The Mechanics of Colonialism
During the 11th and 12th centuries, in an age before gunpowder, the Normans were able to conquer England by constructing forts (motte-and-bailey “castles”) on newly occupied land.
The exact same method – colonisation by fort-building – was employed in Southern Appalachia by land-hungry Americans in the aftermath of the Revolutionary War.
Settlers were not entering a wilderness. They were entering lands with existing communities, trade networks, farms, and towns.
This is why the Americans who followed the first trappers and longhunters had to build “stations”, blockhouses, and forts along the trails and rivers by which they were entering and intruding upon land belonging to others.
With the advantage of an almost inexhaustible source population, gunpowder and firearms, this American-style “motte-and-bailey” system of occupation took far less time than the earlier, but similar, Norman subjugation of England.

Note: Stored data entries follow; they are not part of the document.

Lemma dominant_tridiag i : (0 < i)%N -> (i.+1 < n)%N ->
  N (invmx (A i.+1) *m Cm i) + N (invmx (A i.+1) *m B i.+1) <= 1.
Proof.
move=> i_gt0 i_lt; have i_range : (1 <= i.+1 <= n)%N by lia.
have [_] := dominant i_range; apply: le_trans.
have mem_iota j : (1 <= j <= n)%N -> j \in index_iota 1 n.+1.
  by move=> j_in; rewrite mem_index_iota; lia.
rewrite big_mkcond (bigD1_seq i) ?mem_iota ?iota_uniq //=; last by lia.
rewrite big_mkcond (bigD1_seq i.+2) ?mem_iota ?iota_uniq //=.
rewrite !ifT; try lia.
rewrite tridiag_sub tridiag_diag tridiag_super addrA lerDl.
by apply: sumr_ge0 => j _; do 2 case: ifP => // _; apply: norm_ge0.
Qed.

Lemma norm_Umat_lt i : N (invmx (A 1) *m B 1) < 1 ->
  (1 <= i < n)%N -> N (U i) < N (U i.+1).
Proof.
move=> first_lt1; elim: i => [|[|k] IH] // k_lt.
  apply: (norm_two_term_lt normN _ _ first_lt1 (oner_neq0 _)) => //.
    by apply: dominant_diag_unit; lia.
  by apply: B_unit; lia.
apply: (norm_three_term_lt normN _ _ _ _ (IH _)) (Umat_rec _ _ _ _).
- by apply: dominant_diag_unit; lia.
- by apply: B_unit; lia.
- by apply: Cm_unit; lia.
- by rewrite addrC; apply: dominant_tridiag; lia.
- lia.
Qed.

Lemma norm_Ymat_lt i :
  blockmx n T \in unitmx -> N (invmx (A n) *m Cm n.-1) < 1 ->
  (1 <= i < n)%N -> N (Y i.+1) < N (Y i).
Proof.
move=> T_unit last_lt1 /andP[i_ge1 i_lt].
have [k def_n] : exists k, n = (i + k.+1)%N by exists (n - i.+1)%N; lia.
elim: k i i_ge1 i_lt def_n => [|k IH] i i_ge1 i_lt def_n.
  have -> : i = n.-1 by lia.
  have -> : n.-1.+1 = n by lia.
  apply: (norm_two_term_lt normN _ _ last_lt1 _ (Ymat_pred_last A B Cm _)); try lia.
  - by apply: dominant_diag_unit; lia.
  - by apply: Cm_unit; lia.
  rewrite Ymat_last; set M := _ + _.
  have M_neq0 : M != 0 by apply: Xmat_last_neq0 => //; lia.
  have [M_unit|M_sing] := boolP (M \in unitmx).
    by rewrite unitmx_neq0 ?unitmx_inv.
  by rewrite invmx_out.
apply: (norm_three_term_lt normN _ _ _ _ (IH i.+1 _ _ _)) (Ymat_rec A B Cm _); try lia.
- by apply: dominant_diag_unit; lia.
- by apply: Cm_unit; lia.
- by apply: B_unit; lia.
- by apply: dominant_tridiag; lia.
Qed.

End Monotonicity.

Theorem lemma2p3 (C : numClosedFieldType) (m n : nat) (N : 'M[C]_m -> C)
  (A B Cm : nat -> 'M[C]_m) :
  (0 < m)%N ->
  submult_norm N ->
  (2 <= n)%N ->
  blockmx n (tridiag A B Cm) \in unitmx ->
  (forall i, (1 <= i < n)%N -> B i \in unitmx /\ Cm i \in unitmx) ->
  row_block_dd N n (tridiag A B Cm) ->
  N (invmx (A 1%N) *m B 1%N) < 1 ->
  N (invmx (A n) *m Cm n.-1) < 1 ->
  (forall i, (1 <= i < n)%N -> N (Umat A B Cm i) < N (Umat A B Cm i.+1)) /\
  (forall i, (1 <= i < n)%N -> N (Ymat A B Cm n i.+1) < N (Ymat A B Cm n i)).
Proof.
case: m N A B Cm => [|m] // N A B Cm _ normN _ T_unit BC_unit dominant.
move=> first_lt1 last_lt1.
have B_unit i (i_in : (1 <= i < n)%N) := (BC_unit i i_in).1.
have Cm_unit i (i_in : (1 <= i < n)%N) := (BC_unit i i_in).2.
split=> i i_in.
  exact: (norm_Umat_lt normN B_unit Cm_unit dominant).
exact: (norm_Ymat_lt normN B_unit Cm_unit dominant).
Qed.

This system can be seen in action to this very day, in places like the Levant, where illegal Israeli settlements on Palestinian land (the equivalent of Appalachian longhunters and squatters) are eventually fully supported by the coloniser’s military installations and a judicial system weighted in favour of the coloniser.
But enough of comparisons and analogies.
Here is a map I made as an aid in understanding the mechanism of early American colonialism.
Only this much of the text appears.